Lately, instead of journaling, I have taken to writing letters. I find it extremely helpful in helping me keep my internal dialogue realistic. I also find that it helps me sort out my boundaries with different individuals in my life because in my letters I can say whatever I want and assess how I would feel if they read that letter. It is so very beneficial. I had never thought of doing that before, but the idea came to me a few weeks ago, when I heard that my dear friend Bryce was moving away. I started a letter to him, which I intended to keep writing every day until he left. However, after I found out that he was pulling a prank on me and not actually leaving
The letter writing itself is even fun. I write on stationary, and keep each person’s letters in their own envelopes. I think eventually I will have to buy bigger envelopes for some people. I like this. A lot.
Today was also the woman’s doctor extravaganza. Let me just tell you that old man doctors are the best. They are very sweet and very kind and there really isn’t anything you can do or say that will shock them. This does not mean that I don’t still hate them for being doctors. I do, but I put up with them because they’re likeable even though they are doctors. Anywho, outside of all of the normal crazy stories that come from gyno appointments, let me fill you in a bit on the disease and how that is progressing. Gentlemen, be warned. I will be covering a lot of female material.
For those who don’t know, I have Polycystic Ovarian Syndrome (aka PCOS or hitherto, “the disease”). This little disease affects between 5 and 10 percent of all women, and is a real little bugger. Basically my body produces too many androgens (a classically male hormone, not unlike testosterone, which is also produced in small amounts in women). This over production of androgens, causes my body to gain weight, which in turn affects my ability to absorb my own production of estrogen, because estrogen is hidden in fat cells. So when I weigh too much, my ovaries don’t get enough estrogen to ovulate properly and I form new cysts on my ovaries. These cysts are really harmless, unless they become cancerous. However, not being able to ovulate properly would also affect my future ability to bear my own children. I was diagnosed two years ago, at which point I opted not to use any form of treatment but rather to lose some weight and see if that helped – thinking maybe if there were less fat cells, I would get more estrogen and the problem would resolve itself.
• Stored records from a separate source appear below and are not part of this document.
Lemma char_graph_cyclic a0 z0 :
  R a0 z0 -> a0 != 0 ->
  exists (d : nat) (zd : F), [/\ (0 < d)%N, zd != 0 &
    forall a z, R a z -> (d%:Z %| a)%Z /\ z = zd ^ (a %/ d%:Z)%Z].
Proof.
move=> Ra0 a0_neq0.
have R01 : R 0 1.
  by rewrite -(subrr a0) -(divff (R_neq0 Ra0)); apply: RB.
have RN a z : R a z -> R (- a) z^-1.
  by move=> Raz; rewrite -sub0r -div1r; apply: RB.
pose Rpos d := (0 < d)%N /\ exists z, R d%:Z z.
have [d [[d_gt0 [zd Rd]] d_min]] : exists d, Rpos d /\ forall m, Rpos m -> (d <= m)%N.
  apply: ex_minn_classic; exists `|a0|%N; split; first by rewrite absz_gt0.
  have [a0_ge0|a0_lt0] := lerP 0 a0; first by exists z0; rewrite gez0_abs.
  by exists z0^-1; rewrite ltz0_abs //; apply: RN.
have Rmul q : R (q * d%:Z) (zd ^ q).
  have Rmuln (q' : nat) : R (q'%:Z * d%:Z) (zd ^+ q').
    elim: q' => [|q' IH]; first by rewrite mul0r expr0.
    have := RB IH (RN _ _ Rd).
    by rewrite opprK invrK -exprSr -[in q'.+1]addn1 PoszD mulrDl mul1r.
  by case: q => q'; rewrite ?NegzE ?mulNr -?exprnN; [apply: Rmuln | apply/RN/Rmuln].
have d_neq0 : d%:Z != 0 by rewrite eqz_nat -lt0n.
exists d, zd; split=> // [|a z Raz]; first exact: R_neq0 Rd.
have Rmod : R (a %% d%:Z)%Z (z / zd ^ (a %/ d%:Z)%Z).
  have := RB Raz (Rmul (a %/ d%:Z)%Z).
  by rewrite [X in R (X - _)](divz_eq a d%:Z) addrAC subrr add0r.
have mod0 : (a %% d%:Z)%Z = 0.
  apply/eqP; apply: contraTT (ltz_mod a d_neq0) => mod_neq0.
  have /d_min : Rpos `|(a %% d%:Z)%Z|%N.
    split; first by rewrite absz_gt0.
    by exists (z / zd ^ (a %/ d%:Z)%Z); rewrite gez0_abs // modz_ge0.
  by rewrite -lez_nat gez0_abs ?modz_ge0 // -leNgt.
rewrite mod0 in Rmod; split; first exact/dvdz_mod0P.
have zdq_neq0 : zd ^ (a %/ d%:Z)%Z != 0 by rewrite expfz_neq0 // (R_neq0 Rd).
by rewrite -(divfK zdq_neq0 z) (R0 Rmod) mul1r.
Qed.

End CyclicCharacterGraph.

Section CharacterExtension.
Variable k : closedFieldType.

Lemma char_extend1 (R : int -> k -> Prop) :
  (forall a z, R a z -> z != 0) ->
  (forall a z b w, R a z -> R b w -> R (a - b) (z / w)) ->
  (forall z, R 0 z -> z = 1) ->
  exists y : k, y != 0 /\ forall a z, R a z -> z = y ^ a.
Proof.
move=> R_neq0 RB R0.
have [[a0 [z0 [Ra0 a0_neq0]]]|R_trivial] :=
  classic (exists a z, R a z /\ a != 0); last first.
  exists 1; split=> [|a z Raz]; first exact: oner_neq0.
  have a0 : a = 0 by apply/eqP; apply: contra_notT R_trivial => ?; exists a, z.
  by rewrite exp1rz (R0 z) // -a0.
have [d [zd [d_gt0 zd_neq0 R_zd]]] := char_graph_cyclic R_neq0 RB R0 Ra0 a0_neq0.
have [y yd] := closed_field_root zd d_gt0.
exists y; split.
  apply: contraNneq zd_neq0 => y0.
  by rewrite -yd y0 expr0n eqn0Ngt d_gt0.
move=> a z /R_zd [/divzK {2}<- ->].
by rewrite -yd exprnP exprz_exp mulrC.
Qed.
My plan worked to a certain extent. I did lose enough weight to make my body have normal periods. Hurray! I have been “normal” for a little over a year now. However, my ovaries are continuing to grow and new cysts are still forming. The good news is that I shouldn’t have any problem bearing my own children. The bad news is, that because of my family history with cancer, the doctor is now concerned that these cysts may be presenting a whole new problem… cancer. So, the plan now is that I am on the pill (which is not my favorite solution, but one I was prepared for). I will also undergo some genetic testing, which will show whether or not I have the RNR-R1 gene, which causes cancer, and more specifically for me, increases my chances of breast and uterine cancer. That one scares me a little. If I do have that gene, we will start discussing the possibility of biopsying the larger of my two ovaries to ensure that those little cysts have not become little tumors. It is very unlikely that I have cancer. It is more likely that we need to keep a careful eye on my precious little flowers to ensure that they do not turn into angry little Venus fly traps that slowly eat away at my insides.
So for now I wait for my genetics test. I also have another appointment in December (two days after Christmas… Jesus, I asked for Javier Bardem for my present, not a gyno appointment…). I have to lose 25 lbs by then and quit the carcinogens. If all that, combined with the pill, doesn’t help, then the doctor will put me on Metformin, which is a diabetes pill that also happens to help with the disease. I do not have diabetes. Thank goodness.
I am feeling okay about everything. I came close to the tears a couple of times (because I still feel like Quasimodo, because I am almost like you, but just not quite), but really I’m not so worried. I do not in any way believe I have cancer. I just think I might someday. But someday is not today. Not at all.